# Enclosure around Service?!



## Bob Badger (Apr 19, 2009)

Smileyboy said:


> Why do people do this?


Why wouldn't they? Homeowners don't know the clearance requirements, heck a lot of ECs don't even follow 110.26. :no:


The home owners just think "That electric stuff is ugly and will never need to be worked on." :laughing:


----------



## 480sparky (Sep 20, 2007)

Smileyboy said:


> Why do people do this?


Same reason they do this:











And this:














Smileyboy said:


> They want to sell their hoe. ...........


Isn't selling your hoe illegal in 49 states? :laughing:


----------



## Bob Badger (Apr 19, 2009)

480sparky said:


> Isn't selling your hoe illegal in 49 states? :laughing:


I was trying so hard not to go there. :laughing:

Was that a service change with a 'happy ending'? :whistling2:


----------



## raider1 (Jan 22, 2007)

Bob Badger said:


> Was that a service change with a 'happy ending'? :whistling2:


ROTFLMAF.:thumbup:

s'cusse me whilest I clean the Mountain Dew off my computer screen.:laughing:

Chris


----------



## TOOL_5150 (Aug 27, 2007)

raider1 said:


> ROTFLMAF.:thumbup:
> 
> s'cusse me whilest I clean the Mountain Dew off my computer screen.:laughing:
> 
> Chris


ill second that one. good 1 Bob.

Oh... and electrical equipment isnt ugly! :whistling2:

~Matt


----------



## 480sparky (Sep 20, 2007)

TOOL_5150 said:


> ...........Oh... and electrical equipment isnt ugly! :whistling2:
> 
> ~Matt


O RLY?


----------



## TOOL_5150 (Aug 27, 2007)

480sparky said:


> O RLY?


Yes RLY!

you dont see the beauty in that? I sure do! It looks like $1700 to me, in the form of a panel replacement. :thumbup:

~Matt


----------



## 480sparky (Sep 20, 2007)

TOOL_5150 said:


> Yes RLY!
> 
> you dont see the beauty in that? I sure do! It looks like $1700 to me, in the form of a panel replacement. :thumbup:
> 
> ~Matt


I'd replace the _cover_ for $1700. Would look just as good! :laughing:


----------



## TOOL_5150 (Aug 27, 2007)

480sparky said:


> I'd replace the _cover_ for $1700. Would look just as good! :laughing:


lol you could do that too. I would put much hope in those breakers operating correctly though. 


~Matt


----------



## 480sparky (Sep 20, 2007)

TOOL_5150 said:


> lol you could do that too. I would put much hope in those breakers operating correctly though.
> 
> 
> ~Matt


I don't think I'd call those things inside 'breakers' any more. I'd call them 'high resistance series conductors of no safety value whatsoever'. :laughing:


----------



## TOOL_5150 (Aug 27, 2007)

480sparky said:


> I don't think I'd call those things inside 'breakers' any more. I'd call them 'high resistance series conductors of no safety value whatsoever'. :laughing:


haha I would agree with you. :thumbsup:

~Matt


----------



## 480sparky (Sep 20, 2007)

TOOL_5150 said:


> haha I would agree with you. :thumbsup:
> 
> ~Matt


 
That's what I would call them. To a customer, I would call them "Zinscos" or "Federal Pacifics".


----------



## TOOL_5150 (Aug 27, 2007)

480sparky said:


> That's what I would call them. To a customer, I would call them "Zinscos" or "Federal Pacifics".

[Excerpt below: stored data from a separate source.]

Lemma mid_sum_gt_of_mid_norm_pinfty (xs : nat -> E) : mid_norm nr p xs = +oo%E ->
  forall M : R, exists fs, mid_admissible fs /\ (M%:E < mid_sum nr p fs xs)%E.
Proof.
move=> xs_oo M; pose M' := Num.max 0 M.
have M'_ge0 : 0 <= M' by rewrite le_max lexx.
have : ((M' `^ p^-1)%:E < mid_norm nr p xs)%E by rewrite xs_oo ltry.
move=> /ereal_sup_gt[_ [fs fs_adm <-] M'_lt]; exists fs; split => //.
apply: (@le_lt_trans _ _ M'%:E); first by rewrite lee_fin le_max lexx orbT.
rewrite ltNge; apply: contraTN M'_lt => fs_le; rewrite -leNgt.
by rewrite (poweRV_le p_gt0) ?mid_sum_ge0 ?powR_ge0 // powRVp.
Qed.

Section Gluing.
Variables (F : nat -> nat -> E -> K) (c : nat -> K) (g : nat -> nat * nat).
Hypothesis g_bij : set_bij setT setT g.

Let glued : nat -> E -> K := fun n x => c (g n).1 * F (g n).1 (g n).2 x.

Lemma glued_admissible : (forall m, mid_admissible (F m)) ->
  (\sum_(m <oo) (nr (c m) `^ p)%:E <= 1)%E -> mid_admissible glued.
Proof.
move=> F_adm c_sum; have FD m k : dual_space nr (F m k) by case: (F_adm m).
split => [n|]; first exact: dual_spaceZ.
apply/(weak_norm_dual_leP _ ler01) => phi phiB; rewrite powR1.
pose b m k := (((nr (c m) * nr (phi (F m k))) `^ p)%:E : \bar R).
have -> : psum p (fun n => nr (phi (glued n))) = (\sum_(n <oo) b (g n).1 (g n).2)%E.
  by apply: eq_eseriesr => n _; rewrite /glued bidual_ballZ // nrM.
rewrite nneseries_pair_bij // => [|m k]; last by rewrite lee_fin powR_ge0.
apply: le_trans c_sum; apply: lee_nneseries => [m _ _|m _].
  by apply: nneseries_ge0 => k _ _; rewrite lee_fin powR_ge0.
rewrite -[X in (_ <= X)%E]mule1 -/(psum p _) psumZ //.
apply: lee_wpmul2l; first by rewrite lee_fin powR_ge0.
by have := (weak_norm_dual_leP (F m) ler01).1 (F_adm m).2 phi phiB; rewrite powR1.
Qed.

Lemma mid_sum_glued (xs : nat -> E) : mid_sum nr p glued xs =
  (\sum_(m <oo) (nr (c m) `^ p)%:E * mid_sum nr p (F m) xs)%E.
Proof.
pose b m k := psum p (fun j => nr (c m * F m k (xs j))).
rewrite [LHS](@nneseries_pair_bij _ g b) //.
  by apply: eq_eseriesr => m _; rewrite -mid_sumZ.
by move=> m k; exact: psum_ge0.
Qed.

End Gluing.

(* Blocks F m with mid_sum (F m) > 2^(m+1), glued with weights 2^-(m+1)
   (summing to 1), give an admissible family whose mid_sum diverges. *)
Lemma mid_norm_lty_of_mid_seq (xs : nat -> E) :
  mid_seq nr p xs -> (mid_norm nr p xs < +oo)%E.
Proof.
move=> [_ xs_mid]; rewrite ltey; apply/negP => /eqP xs_oo.
pose d m : R := 1 / (2 ^ (m + 1))%:R.
have d_gt0 m : 0 < d m by rewrite divr_gt0 // ltr0n expn_gt0.
have d_sum : (\sum_(m <oo) (d m)%:E = 1)%E.
  apply/cvg_lim => //.
  by have := @cvg_geometric_eseries_half R 1 0; rewrite expr0 divr1.
have /choice [F FP] : forall m, exists fs,
    mid_admissible fs /\ (((d m)^-1)%:E < mid_sum nr p fs xs)%E.
  by move=> m; exact: mid_sum_gt_of_mid_norm_pinfty.
have /choice [c c_nr] : forall m, exists c, nr c = d m `^ p^-1.
  by move=> m; apply: nr_surj; exact: powR_ge0.
have c_p m : nr (c m) `^ p = d m by rewrite c_nr powRVp // ltW.
have [g g_bij] : exists g : nat -> nat * nat, set_bij setT setT g.
  by apply/card_set_bijP; exact/card_esym/card_nat2.
have c_sum : (\sum_(m <oo) (nr (c m) `^ p)%:E <= 1)%E.
  by under eq_eseriesr do rewrite c_p; rewrite d_sum.
have G_adm := glued_admissible g_bij (fun m => (FP m).1) c_sum.
have := xs_mid _ (conj G_adm.1 (le_lt_trans G_adm.2 (ltry 1))).
apply/negP; rewrite -leNgt mid_sum_glued // -(nneseries1 R).
apply: lee_nneseries => // m _; rewrite c_p.
apply: le_trans (lee_wpmul2l _ (ltW (FP m).2)); last by rewrite lee_fin ltW.
by rewrite -EFinM mulfV ?gt_eqF.
Qed.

Those 2 brands I have my own names for them.. forum wont let me type em out. lol

~Matt


----------



## 480sparky (Sep 20, 2007)

TOOL_5150 said:


> Those 2 brands I have my own names for them.. forum wont let me type em out. lol
> 
> ~Matt


Zippo and FirePac?


----------



## JohnJ0906 (Jan 22, 2007)

Smileyboy said:


> Why do people do this?
> 
> 
> 
> ...


I've seen worse. At least the panel door opens, and the cover can be removed.


----------



## 480sparky (Sep 20, 2007)

Smileyboy said:


> Why do people do this?


Or do you mean use standard cover plates in a damp location? :thumbup:


----------



## drsparky (Nov 13, 2008)

480sparky said:


> O RLY?


Couple of shots of WD-40 and it will be fine.:whistling2:


----------



## raider1 (Jan 22, 2007)

480sparky said:


> O RLY?


That is called "Rustic" or would that be rusty?:thumbup:

Chris


----------



## 480sparky (Sep 20, 2007)

drsparky said:


> Couple of shots of WD-40 and it will be fine.:whistling2:


As long as each 'shot' is 5 gallons through a pressure washer. :laughing:


----------